Volta aos escritórios muda regras do jogo para quem busca espaço no mercado de trabalho

Volta aos escritórios muda regras do jogo para quem busca espaço no mercado de trabalho

Fim do home office reacende a importância da convivência, da comunicação intencional e da postura profissional desde o estágio

A redução do home office e a retomada do expediente presencial por empresas de diferentes setores estão alterando critérios de avaliação e permanência no mercado de trabalho. O movimento, intensificado ao longo de 2025, recoloca a convivência diária como eixo das relações profissionais e exige de estagiários e jovens talentos habilidades que vão além da formação técnica. A mudança ocorre em meio à preocupação das companhias com a rotatividade nessa faixa de entrada.

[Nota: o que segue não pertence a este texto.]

Lemma greedy_net_sublist d r Y : In (greedy_net d r Y) (sublists Y).
Proof.
  induction Y as [|x Y IH]; simpl; [left; reflexivity|].
  destruct forallb; apply in_or_app; [left; apply in_map|right]; exact IH.
Qed.

Lemma greedy_net_separated d r Y : separatedb d r (greedy_net d r Y) = true.
Proof.
  induction Y as [|x Y IH]; simpl; [reflexivity|].
  destruct (forallb (far d r x) (greedy_net d r Y)) eqn:Hfar; [|exact IH].
  simpl. unfold far in Hfar. rewrite Hfar, IH. reflexivity.
Qed.

Lemma length_greedy_net_le_Tsep d r Y : (length (greedy_net d r Y) <= Tsep d Y r)%nat.
Proof.
  assert (Hin : In (greedy_net d r Y) (filter (separatedb d r) (sublists Y))).
  { apply filter_In. split; [apply greedy_net_sublist|apply greedy_net_separated]. }
  unfold Tsep. generalize dependent (filter (separatedb d r) (sublists Y)).
  intros l; induction l as [|S l IH]; simpl; [tauto|].
  intros [->|HS]; [lia|]. specialize (IH HS); lia.
Qed.

Lemma greedy_net_covers d r Y x : 0 <= r -> In x Y ->
  exists y, In y (greedy_net d r Y) /\ Defs.dist d x y <= r.
Proof.
  intros Hr. induction Y as [|z Y IH]; simpl; [tauto|]. intros [->|Hx].
  - destruct (forallb (far d r x) (greedy_net d r Y)) eqn:Hfar.
    + exists x. split; [left; reflexivity|]. rewrite dist_self; exact Hr.
    + apply Bool.not_true_iff_false in Hfar. rewrite forallb_forall in Hfar.
      apply not_all_ex_not in Hfar. destruct Hfar as [y Hy].
      apply imply_to_and in Hy. destruct Hy as [Hy Hnear].
      exists y. split; [exact Hy|]. unfold far in Hnear.
      destruct Rlt_dec; [contradiction|lra].
  - destruct (IH Hx) as [y [Hy Hxy]]. exists y. split; [|exact Hxy].
    destruct forallb; [right|]; exact Hy.
Qed.

Definition net_cubes d r (Y : list pt) : list box :=
  map (fun y => cube y (2 * r)) (greedy_net d r Y).

Lemma net_cubes_wf d r Y : 0 <= r -> forall b, In b (net_cubes d r Y) -> box_wf d b.
Proof.
  intros Hr b Hb. apply in_map_iff in Hb. destruct Hb as [y [<- _]]. apply cube_wf. lra.
Qed.
Lemma is_liminf_Un_cv (u v : nat -> R) k L :
  (forall m, u (k + m)%N = v m) -> Un_cv v L -> is_liminf u L.
Proof.
move=> uv vL eps eps_gt0; have [N HN] := vL eps eps_gt0.
have close n : (k + N <= n)%N -> L - eps < u n < L + eps.
  move=> Hn; have : (N <= n - k)%coq_nat by apply/leP; lia.
  move/HN; rewrite /R_dist -uv subnKC; last by lia.
  by move/Rabs_def2; lra.
split; first by exists (k + N)%N => n /close [].
move=> M; exists (maxn M (k + N)); split; first exact: leq_maxl.
by case: (close _ (leq_maxr M (k + N))).
Qed.

Close Scope R_scope.

Theorem mainTheorem12 (d : nat) (P : {group {perm Wd d}}) :
  (1 <= d)%nat ->
  essential P ->
  Hdim_is (GP P)
    (Rdiv (log2 (INR #|lvl_stab d.-1 P|)) (pow 2 d.-1)).
Proof.
case: d P => [|e] P // _ P_ess /=.
have stab_gt0 : 0 < #|lvl_stab e P|.
  apply/card_gt0P; exists 1%g; rewrite inE group1.
  by apply/forallP => x; rewrite perm1 eqxx implybT.
apply: (@is_liminf_Un_cv _ _ e.+1); last exact: log2_ratio_cvg (cardG_gt0 P) stab_gt0.
by move=> m; rewrite card_proj_GP_level // card_Gfin.
Qed.
Lemma open_box (R : realType) (V : normedModType R) (U : set V) (x u v : V) :
  open U -> U x -> exists2 t0 : R, 0 < t0 & forall t al be : R,
    0 <= t <= t0 -> 0 <= al <= 1 -> 0 <= be <= 1 ->
    U (x + al *: (t *: u) + be *: (t *: v)).
Proof.
move=> oU Ux; have /nbhs_ballP[r r_gt0 ballU] : nbhs x U by apply: open_nbhs_nbhs.
have uv_ge0 : 0 <= `|u| + `|v| by rewrite addr_ge0.
exists (r / (`|u| + `|v| + 1)); first by rewrite divr_gt0 // ltr_wpDl.
move=> t al be /andP[t0 tt0] /andP[al0 al1] /andP[be0 be1]; apply: ballU.
rewrite -ball_normE /= -addrA opprD addrA subrr add0r normrN.
apply: le_lt_trans (ler_normD _ _) _; rewrite !normrZ !ger0_norm //.
have : al * (t * `|u|) + be * (t * `|v|) <= t * (`|u| + `|v|).
  by rewrite mulrDr lerD // ler_piMl ?mulr_ge0.
move/le_lt_trans; apply; apply: le_lt_trans (_ : _ <= r / (`|u| + `|v| + 1) * (`|u| + `|v|)) _.
  by rewrite ler_wpM2r.
by rewrite mulrAC ltr_pdivrMr ?ltr_wpDl // ltr_pM2l // ltrDl.
Qed.

Section Lines.
Local Open Scope classical_set_scope.
Variables (R : realType) (n : nat).
Implicit Types (y w : 'cV[R]_n).

Lemma line_diff_quot (W : normedModType R) (F : 'cV[R]_n -> W) y w (t : R) :
  (fun h : R => h^-1 *: (((fun s : R => F (y + s *: w)) \o shift t) (h *: 1)
                          - F (y + t *: w)))
  = (fun h : R => h^-1 *: ((F \o shift (y + t *: w)) (h *: w) - F (y + t *: w))).
Proof.
apply: funext => h /=; rewrite /shift /=; congr (_ *: (F _ - _)).
by rewrite [h%:A]mulr1 scalerDl addrCA.
Qed.

Lemma derivable_line (W : normedModType R) (F : 'cV[R]_n -> W) y w (t : R) :
  derivable F (y + t *: w) w -> derivable (fun s : R => F (y + s *: w)) t 1.
Proof. by rewrite /derivable line_diff_quot. Qed.

Lemma derive_line (W : normedModType R) (F : 'cV[R]_n -> W) y w (t : R) :
  'D_1 (fun s : R => F (y + s *: w)) t = 'D_w F (y + t *: w).
Proof. by rewrite /derive line_diff_quot. Qed.

Lemma continuous_dotl (v : 'cV[R]_n) : continuous (fun u : 'cV[R]_n => dot u v).
Proof.
move=> u; apply: differentiable_continuous.
have -> : (fun u : 'cV[R]_n => dot u v) =
    \sum_(i < n) (fun u : 'cV[R]_n => u i 0 * v i 0).
  by rewrite fct_sumE; apply: funext => z; rewrite dotE.
apply: differentiable_sum => i.
have -> : (fun u : 'cV[R]_n => u i 0 * v i 0) = (fun u => u i 0) * cst (v i 0) by [].
exact: differentiableM (differentiable_coord _ _ _) (differentiable_cst _ _).
Qed.

Lemma is_derive_dotl (V : normedModType R) (G : V -> 'cV[R]_n) (z w : V) v :
  derivable G z w -> is_derive z w (fun z => dot (G z) v) (dot ('D_w G z) v).
Proof.
move=> dG.
have quotE : (fun h : R => h^-1 *: (((fun z => dot (G z) v) \o shift z) (h *: w)
                                     - dot (G z) v))
   = (fun u => dot u v) \o (fun h : R => h^-1 *: ((G \o shift z) (h *: w) - G z)).
  by apply: funext => h /=; rewrite dotZl dotBl.
have lim_quot : (fun h : R => h^-1 *: (((fun z => dot (G z) v) \o shift z) (h *: w)
      - dot (G z) v)) @ 0^' --> dot ('D_w G z) v.
  by rewrite quotE; apply: continuous_cvg; [exact: continuous_dotl | exact: dG].
by apply: DeriveDef; [apply/cvg_ex; eexists; exact: lim_quot | exact: cvg_lim].
Qed.

End Lines.

Section Smooth.
Variables (R : realType) (n : nat).
Variables (f : 'cV[R]_n -> R) (g : 'cV[R]_n -> 'cV[R]_n) (H : 'cV[R]_n -> 'M[R]_n).
Variables (U : set 'cV[R]_n) (LH : R).
Hypothesis smoothU : forall y, U y ->
  [/\ differentiable f y, forall v, 'd f y v = dot (g y) v,
      differentiable g y & forall v, 'd g y v = H y *m v].
Hypothesis hessian_lip : forall y z, U y -> U z ->
  opnorm_le (H y - H z) (LH * enorm (y - z)).
Implicit Types (x y z u v w : 'cV[R]_n).

Lemma is_derive_f_line y w t : U (y + t *: w) ->
  is_derive t (1 : R) (fun s => f (y + s *: w)) (dot (g (y + t *: w)) w).
Proof.
case/smoothU => df dfE _ _; apply: DeriveDef; first exact/derivable_line/diff_derivable.
by rewrite derive_line deriveE // dfE.
Qed.

Lemma is_derive_g_line y w v t : U (y + t *: w) ->
  is_derive t (1 : R) (fun s => dot (g (y + s *: w)) v) (dot (H (y + t *: w) *m w) v).
Proof.
case/smoothU => _ _ dg dgE; have dGv := is_derive_dotl v (diff_derivable (v := w) dg).
apply: DeriveDef; first exact: (derivable_line (F := fun z => dot (g z) v)).
by rewrite (derive_line (fun z => dot (g z) v)) derive_val deriveE // dgE.
Qed.

Lemma hessian_lip_dot y z u v : U y -> U z ->
  `|dot ((H z - H y) *m u) v| <= LH * enorm (z - y) * enorm u * enorm v.
Proof.
move=> Uy Uz; apply: le_trans (normr_dot_le _ _) _.
by rewrite ler_wpM2r ?enorm_ge0 ?hessian_lip.
Qed.

Lemma hessian_lip_line y w v t : 0 <= t -> U y -> U (y + t *: w) ->
  `|dot ((H (y + t *: w) - H y) *m w) v| <= LH * enorm w ^+ 2 * enorm v * t.
Proof.
move=> t0 Uy Uyt; apply: le_trans (hessian_lip_dot w v Uy Uyt) _.
by rewrite addrAC subrr add0r enormZ ger0_norm //; lra.
Qed.

Lemma taylor_f y w : (forall t, 0 <= t <= 1 -> U (y + t *: w)) ->
  `|f (y + w) - f y - dot (g y) w - dot w (H y *m w) / 2| <= LH * enorm w ^+ 3 / 6.
Proof.
move=> seg; have Uy : U y by have := seg 0; rewrite scale0r addr0 lexx ler01; apply.
have := taylor2_abs (c := LH * enorm w ^+ 3) (fun t t01 => is_derive_f_line (seg t t01))
  (fun t t01 => is_derive_g_line w (seg t t01)).
rewrite scale1r !scale0r !addr0 (dotC w) mulrA; apply => t /andP[t0 t1].
by rewrite -dotBl -mulmxBl (le_trans (hessian_lip_line w t0 Uy (seg t _))) ?t0 //; lra.
Qed.

Lemma taylor_g y w v : (forall t, 0 <= t <= 1 -> U (y + t *: w)) ->
  `|dot (g (y + w)) v - dot (g y) v - dot (H y *m w) v|
    <= LH * enorm w ^+ 2 * enorm v / 2.
Proof.
move=> seg; have Uy : U y by have := seg 0; rewrite scale0r addr0 lexx ler01; apply.
have := taylor1_abs (c := LH * enorm w ^+ 2 * enorm v)
  (fun t t01 => is_derive_g_line v (seg t t01)).
rewrite scale1r !scale0r !addr0; apply => t /andP[t0 t1].
by rewrite -dotBl -mulmxBl (hessian_lip_line v t0 Uy (seg t _)) ?t0.
Qed.
(* Indeed the disk form is >= 0 at 1/(z - b) and < 0 at each 1/(z - r),
   which contradicts Cauchy-Schwarz. *)
Lemma laguerre_sum (z b : C) (rs : seq C) (m : nat) :
  nm2 z <= 1 -> nm2 b <= 1 -> (size rs <= m)%N -> (0 < m)%N ->
  (forall r, r \in rs -> 1 < nm2 r) -> z != b -> z \notin rs ->
  \sum_(r <- rs) (z - r)^-1 != m%:R * (z - b)^-1.
Proof.
move=> hz hb hsz hm hrs hzb hzr; apply/eqP => hsum.
have hzb0 : z - b != 0 by rewrite subr_eq0.
set U := (z - b)^-1.
have hU : U != 0 by rewrite invr_eq0.
have hQb : 0 <= disk_form z U.
  have h := disk_form_inv z hzb0; rewrite (_ : z - (z - b) = b) in h; last by ring.
  have : 0 <= disk_form z U * nm2 (z - b) by rewrite /U h subr_ge0.
  by rewrite pmulr_lge0 ?nm2_gt0.
have hQr : forall r, r \in rs -> disk_form z (z - r)^-1 < 0.
  move=> r hr; have hzr0 : z - r != 0.
    by rewrite subr_eq0; apply: contraNneq hzr => ->.
  have h := disk_form_inv z hzr0; rewrite (_ : z - (z - r) = r) in h; last by ring.
  have : disk_form z (z - r)^-1 * nm2 (z - r) < 0 by rewrite h subr_lt0 hrs.
  by rewrite pmulr_llt0 ?nm2_gt0.
have hn : (0 < size rs)%N.
  case: (posnP (size rs)) => // /size0nil hrs0.
  move: hsum; rewrite hrs0 big_nil => /esym/eqP.
  by rewrite mulf_eq0 pnatr_eq0 (negbTE hU) orbF => /eqP hm0; rewrite hm0 in hm.
have hneg : \sum_(r <- rs) disk_form z (z - r)^-1 < 0.
  case: rs hn hQr {hsz hrs hzr hsum} => // r rs _ hQr.
  rewrite big_cons addrC ltr_nwDr ?hQr ?mem_head // big_seq sumr_le0 // => r' hr'.
  by rewrite ltW // hQr // in_cons hr' orbT.
set A := \sum_(r <- rs) nm2 ((z - r)^-1).
have hA : 0 <= A by apply: sum_nm2_ge0.
have hcs := cauchy_schwarz rs (fun r => (z - r)^-1).
rewrite hsum -/A nm2M /nm2 Ren Imn expr0n /= addr0 -/(nm2 U) in hcs.
rewrite sum_disk_form hsum -/A mulrCA [Rec (_%:R * _)]ReM Ren Imn mul0r subr0 in hneg.
move: hQb; rewrite /disk_form => hQb.
have hnm : (size rs)%:R <= m%:R :> R by rewrite ler_nat.
have hmp : 0 < m%:R :> R by rewrite ltr0n.
have hal : 0 <= 1 - nm2 z by rewrite subr_ge0.
have hN := nm2_ge0 U.
have h1 : m%:R ^+ 2 * nm2 U <= m%:R * A.
  by apply: (le_trans hcs); rewrite ler_wpM2r.
have h2 : (1 - nm2 z) * (m%:R ^+ 2 * nm2 U) <= (1 - nm2 z) * (m%:R * A) by rewrite ler_wpM2l.
nra.
Qed.
(* Let $T\ge 1$ and $n_w\ge 0$ be integers, let $C>0$, and let $q_1,\dots,q_T\in\mathbb{R}$. For $\mathbf{u}=(u_1,\dots,u_T)\in\mathbb{R}^T$ and $i=1,\dots,T$ write $\mathbf{u}_i=(u_{i-n_w},\dots,u_i)$, where entries with index $\le 0$ are fixed constants (not decision variables). Let $J_i:\mathbb{R}\to\mathbb{R}$ ($i=1,\dots,T$) be continuously differentiable and increasing, and let $f_i:\mathbb{R}^{n_w+1}\to\mathbb{R}$ ($i=1,\dots,T$) be continuously differentiable and non-decreasing in each of their arguments. Define the penalty function $$\hat J(\mathbf{u})=\sum_{i=1}^T\Big(J_i(u_i)+C\big(f_i(\mathbf{u}_i)-q_i\big)^2\Big),$$ and, for guardrail variables $\epsilon_1,\dots,\epsilon_T\ge 0$, the modified penalty function $$\hat J'(\mathbf{u})=\sum_{i=1}^T\Big(J_i(u_i)+C\big(f_i(\mathbf{u}_i)-q_i-\epsilon_i\big)^2\Big).$$ Let $\mathbf{u}^*$ be any (unconstrained, local) minimum of $\hat J$ on $\mathbb{R}^T$. Then the first step of gradient descent on $\hat J'$ started at $\mathbf{u}^*$ does not decrease any coordinate: for every step size $\alpha>0$ and every $j=1,\dots,T$, the $j$-th coordinate of $\mathbf{u}^*-\alpha\nabla\hat J'(\mathbf{u}^* )$ is at least $u^*_j$ (equivalently, $\nabla \hat J'(\mathbf{u}^* )\le \mathbf{0}$ componentwise).
   Context: ''Increasing'' for a differentiable function means its derivative is strictly positive; ''non-decreasing'' means all its partial derivatives are non-negative. $\hat J'$ is obtained from $\hat J$ by replacing each right-hand side $q_i$ by $q_i+\epsilon_i$. *)

From HB Require Import structures.
From mathcomp Require Import all_boot all_order all_algebra.
From mathcomp Require Import all_classical all_reals all_analysis.
Set Implicit Arguments. Unset Strict Implicit. Unset Printing Implicit Defensive.
Import Order.TTheory GRing.Theory Num.Theory.
Import numFieldNormedType.Exports.
Local Open Scope ring_scope.

(* Entry m (0-based) of a row vector, or 0 if out of range (never used out of range). *)
Definition ventry (R : realType) (T : nat) (u : 'rV[R]_T) (m : nat) : R :=
  match @insub nat (fun k => k < T)%N 'I_T m with Some j => u 0 j | None => 0 end.

(* Paper index i (1-based) corresponds to the ordinal i-1.  For 0-based i, the
   window u_i = (u_{i-n_w}, ..., u_i) (paper indices (i+1)-n_w, ..., i+1);
   its k-th entry (k = 0..n_w) has paper index (i+1) - n_w + k.  Entries with
   paper index <= 0 are the fixed constants c (indexed by their paper index). *)
Definition window (R : realType) (T nw : nat) (c : int -> R) (u : 'rV[R]_T)
    (i : 'I_T) : 'rV[R]_(nw.+1) :=
  \row_(k < nw.+1)
    (if (nw <= i + k)%N then ventry u (i + k - nw)%N
     else c ((i + k)%:Z + 1 - nw%:Z)).

Definition Jhat (R : realType) (T nw : nat) (c : int -> R) (J : 'I_T -> R -> R)
    (f : 'I_T -> 'rV[R]_(nw.+1) -> R) (C : R) (q : 'I_T -> R) (u : 'rV[R]_T) : R :=
  \sum_(i < T) (J i (u 0 i) + C * (f i (@window R T nw c u i) - q i) ^+ 2).

Definition grad (R : realType) (T : nat) (F : 'rV[R]_T -> R) (u : 'rV[R]_T)
    : 'rV[R]_T :=
  \row_(j < T) ('D_(delta_mx 0 j) F u).

(* Up to a constant, Jhat' = Jhat - sum_i 2 C eps_i f_i(u_i), so the directional
   derivative of Jhat' at u* along the j-th basis vector e_j is that of Jhat,
   which vanishes at the local minimum (Fermat on the line u* + h e_j), minus
   sum_i 2 C eps_i times the derivative of f_i along the window of e_j.  That
   window is a nonnegative vector, so by monotonicity of f_i each of these
   derivatives is nonnegative: the gradient of Jhat' at u* is nonpositive. *)

From HB Require Import structures.
From mathcomp Require Import all_boot all_order all_algebra.
From mathcomp Require Import all_classical all_reals all_analysis.
From mathcomp Require Import ring lra.
Set Implicit Arguments. Unset Strict Implicit. Unset Printing Implicit Defensive.
Import Order.TTheory GRing.Theory Num.Theory.
Import numFieldNormedType.Exports.
Local Open Scope ring_scope.
Local Open Scope classical_set_scope.

Section AffineDirection.
Variables (R : numFieldType) (U V W : normedModType R).
Variables (F : V -> W) (A : U -> V) (u v : U) (w : V).
Hypothesis A_line : forall h : R, A (h *: v + u) = h *: w + A u.

Let diffquot_comp_affine :
  (fun h : R => h^-1 *: ((F \o A \o shift u) (h *: v) - (F \o A) u)) =
  (fun h : R => h^-1 *: ((F \o shift (A u)) (h *: w) - F (A u))).
Proof. by apply/funext => h /=; rewrite A_line. Qed.

Lemma derivable_comp_affine : derivable F (A u) w -> derivable (F \o A) u v.
Proof. by rewrite /derivable diffquot_comp_affine. Qed.

Lemma derive_comp_affine : 'D_v (F \o A) u = 'D_w F (A u).
Proof. by rewrite /derive diffquot_comp_affine. Qed.

End AffineDirection.

Lemma derive_local_min (R : realFieldType) (V : normedModType R)
    (F : V -> R) (x v : V) :
  (forall t : R, derivable F (t *: v + x) v) ->
  (\forall y \near x, F x <= F y) -> 'D_v F x = 0.
Proof.
move=> dF xmin; pose A (h : R) := h *: v + x.
have A_line (t h : R) : A (h *: 1 + t) = h *: v + A t.
  by rewrite /A [h *: 1]mulr1 scalerDl addrA.
have A0 : A 0 = x by rewrite /A scale0r add0r.
have A_cvg : A h @[h --> 0] --> x.
  rewrite -[x in _ --> x]A0; apply: cvgD; last exact: cvg_cst.
  by apply: cvgZr_tmp; exact: cvg_id.
have /nbhs_ballP[r /= r0 Amin] : \forall h \near 0, F (A 0) <= F (A h).
  by rewrite A0; exact: A_cvg _ xmin.
have : is_derive (0 : R) (1 : R) (F \o A) 0.
  apply: (@derive1_at_min _ _ (- r) r).
  - by rewrite ge0_cp // ltW.
  - by move=> t _; apply: derivable_comp_affine (A_line t) (dF t).
  - by rewrite in_itv /= oppr_lt0 r0.
  - move=> t; rewrite in_itv /= => /andP[rt tr]; apply: Amin.
    by rewrite /ball /= sub0r normrN ltr_norml rt tr.
by case=> _; rewrite (derive_comp_affine F (A_line 0)) A0.
Qed.

Lemma derive_ge0 (R : realFieldType) n (F : 'rV[R]_n -> R) (x w : 'rV[R]_n) :
  differentiable F x -> (forall k, 0 <= 'D_(delta_mx 0 k) F x) ->
  (forall k, 0 <= w 0 k) -> 0 <= 'D_w F x.
Proof.
move=> dF F'_ge0 w_ge0; rewrite deriveE // (row_sum_delta w) linear_sum.
by apply: sumr_ge0 => k _; rewrite linearZ -deriveE //; exact: mulr_ge0.
Qed.

Section Window.
Variables (R : realType) (T nw : nat).

Lemma ventryD (h : R) (v u : 'rV[R]_T) m :
  ventry (h *: v + u) m = h * ventry v m + ventry u m.
Proof.
by rewrite /ventry; case: insubP => [k _ _|_]; rewrite ?mxE ?mulr0 ?addr0.
Qed.

Lemma ventry_ge0 (v : 'rV[R]_T) m : (forall j, 0 <= v 0 j) -> 0 <= ventry v m.
Proof. by move=> v_ge0; rewrite /ventry; case: insubP. Qed.

Lemma windowD (c : int -> R) (h : R) (v u : 'rV[R]_T) i :
  window nw c (h *: v + u) i = h *: window nw (fun=> 0) v i + window nw c u i.
Proof.
apply/rowP => k; rewrite !mxE; case: ifP => _; first by rewrite ventryD.
by rewrite mulr0 add0r.
Qed.

Lemma window0_ge0 (v : 'rV[R]_T) i k :
  (forall j, 0 <= v 0 j) -> 0 <= window nw (fun=> 0) v i 0 k.
Proof. by move=> v_ge0; rewrite mxE; case: ifP => // _; exact: ventry_ge0. Qed.

End Window.

Section PenaltyDerivative.
Variables (R : realType) (T nw : nat) (c : int -> R) (J : 'I_T -> R -> R).
Variables (f : 'I_T -> 'rV[R]_nw.+1 -> R) (C : R).
Hypothesis J_derivable : forall i x, derivable (J i) x 1.
Hypothesis f_differentiable : forall i x, differentiable (f i) x.

Lemma derivable_window_comp i (u v : 'rV[R]_T) :
  derivable (fun x => f i (window nw c x i)) u v.
Proof.
apply: (derivable_comp_affine (F := f i) (fun h => windowD nw c h v u i)).
exact: diff_derivable.
Qed.

Lemma derive_window_comp i (u v : 'rV[R]_T) :
  'D_v (fun x => f i (window nw c x i)) u =
  'D_(window nw (fun=> 0) v i) (f i) (window nw c u i).
Proof. exact: (derive_comp_affine (f i) (fun h => windowD nw c h v u i)). Qed.

Lemma derivable_coord_comp i (u v : 'rV[R]_T) :
  derivable (fun x : 'rV[R]_T => J i (x 0 i)) u v.
Proof.
have coord_line (h : R) : (h *: v + u) 0 i = h *: v 0 i + u 0 i by rewrite !mxE.
apply: (derivable_comp_affine coord_line).
by apply: diff_derivable; apply/derivable1_diffP.
Qed.

Lemma derivable_Jhat Q (u v : 'rV[R]_T) : derivable (Jhat c J f C Q) u v.
Proof.
have -> : Jhat c J f C Q = \sum_(i < T) ((fun x : 'rV[R]_T => J i (x 0 i))
    + cst C * ((fun x => f i (window nw c x i)) - cst (Q i)) ^+ 2).
  by rewrite fct_sumE.
apply: derivable_sum => i; apply: derivableD; first exact: derivable_coord_comp.
apply: derivableM; first exact: derivable_cst.
apply/derivableX/derivableB; last exact: derivable_cst.
exact: derivable_window_comp.
Qed.

Lemma Jhat_shift Q eps (u : 'rV[R]_T) :
  Jhat c J f C (fun i => Q i + eps i) u =
  Jhat c J f C Q u - \sum_(i < T) 2 * C * eps i * f i (window nw c u i)
  + \sum_(i < T) C * (2 * eps i * Q i + eps i ^+ 2).
Proof. by rewrite /Jhat -sumrB -big_split; apply: eq_bigr => i _ /=; ring. Qed.

Lemma derive_Jhat_shift Q eps (u v : 'rV[R]_T) :
  'D_v (Jhat c J f C (fun i => Q i + eps i)) u =
  'D_v (Jhat c J f C Q) u - \sum_(i < T)
     2 * C * eps i * 'D_(window nw (fun=> 0) v i) (f i) (window nw c u i).
Proof.
pose g i x := 2 * C * eps i * f i (window nw c x i).
have g_derivable i : derivable (g i) u v.
  by apply: derivableM; [exact: derivable_cst | exact: derivable_window_comp].
have -> : Jhat c J f C (fun i => Q i + eps i) =
    Jhat c J f C Q - \sum_(i < T) g i
    + cst (\sum_(i < T) C * (2 * eps i * Q i + eps i ^+ 2)).
  by apply/funext => x; rewrite Jhat_shift fct_sumE.
rewrite deriveD; last 2 first.
- by apply: derivableB; [exact: derivable_Jhat | exact: derivable_sum].
- exact: derivable_cst.
rewrite derive_cst addr0 deriveB; last 2 first.
- exact: derivable_Jhat.
- exact: derivable_sum.
rewrite derive_sum //; congr (_ - _); apply: eq_bigr => i _.
by rewrite deriveMl ?derive_window_comp //; exact: derivable_window_comp.
Qed.

End PenaltyDerivative.

Theorem proposition3 (R : realType) (T nw : nat) (C : R) (c : int -> R)
    (q eps : 'I_T -> R) (J : 'I_T -> R -> R) (f : 'I_T -> 'rV[R]_(nw.+1) -> R)
    (ustar : 'rV[R]_T) :
  (1 <= T)%N -> 0 < C ->
  (forall i x, derivable (J i) x 1) ->
  (forall i, continuous (derive1 (J i))) ->
  (forall i x, 0 < (derive1 (J i)) x) ->
  (forall i x, differentiable (f i) x) ->
  (forall i k, continuous (fun x => 'D_(delta_mx 0 k) (f i) x)) ->
  (forall i k x, 0 <= 'D_(delta_mx 0 k) (f i) x) ->
  (forall i, 0 <= eps i) ->
  (\forall v \near ustar, Jhat c J f C q ustar <= Jhat c J f C q v) ->
  forall (alpha : R), 0 < alpha -> forall j : 'I_T,
    ustar 0 j <=
      (ustar - alpha *: grad (Jhat c J f C (fun i => q i + eps i)) ustar) 0 j.
Proof.
move=> _ C_gt0 J_derivable _ _ f_differentiable _ f'_ge0 eps_ge0 ustar_min.
move=> alpha alpha_gt0 j.
set e : 'rV[R]_T := delta_mx 0 j.
have stationary : 'D_e (Jhat c J f C q) ustar = 0.
  by apply: derive_local_min ustar_min => t; exact: derivable_Jhat.
have descent : 'D_e (Jhat c J f C (fun i => q i + eps i)) ustar <= 0.
  rewrite derive_Jhat_shift // stationary sub0r oppr_le0.
  apply: sumr_ge0 => i _; apply: mulr_ge0.
    by rewrite !mulr_ge0 // ltW.
  by apply: derive_ge0 => // k; apply: window0_ge0 => l; rewrite mxE ler0n.
rewrite !mxE -/e.
have := mulr_ge0_le0 (ltW alpha_gt0) descent; lra.
Qed.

Levantamento divulgado em outubro de 2025 pelo CIEE, com 260 responsáveis por programas de estágio, indica que parte significativa das empresas enfrenta dificuldade para reter jovens profissionais. A adaptação à cultura organizacional e à rotina presencial aparece entre os principais entraves apontados pelos gestores.

Na prática, o retorno ao escritório tornou mais visível algo que, durante a pandemia, ficou diluído pelas telas. A forma de se posicionar em reuniões, a disposição para ouvir, a leitura do ambiente e o modo de reagir a contratempos passaram a pesar com mais nitidez na avaliação de desempenho.

Para o especialista em comunicação intencional Cristian Magalhães, a mudança não se limita à logística de sair de casa. “A presença física recoloca a comunicação no centro da vida profissional. Não se trata apenas de cumprir tarefas, mas de entender como cada atitude repercute na equipe e na própria carreira”, afirma.

Segundo Cristian, empresas têm observado com maior atenção aspectos comportamentais como clareza na fala, postura ética, capacidade de colaboração e abertura ao feedback. “O conhecimento técnico continua relevante, mas não sustenta sozinho uma trajetória. O mercado quer profissionais que saibam conviver e construir relações de confiança”, diz.

Peso da entrevista

O impacto dessa nova exigência começa antes da contratação. A entrevista, nesse contexto, ganha peso estratégico. “Não é espaço para improviso por necessidade nem para espontaneidade sem filtro. O candidato precisa se comunicar de forma intencional, organizar o raciocínio, alinhar expectativas e demonstrar maturidade”, observa Magalhães.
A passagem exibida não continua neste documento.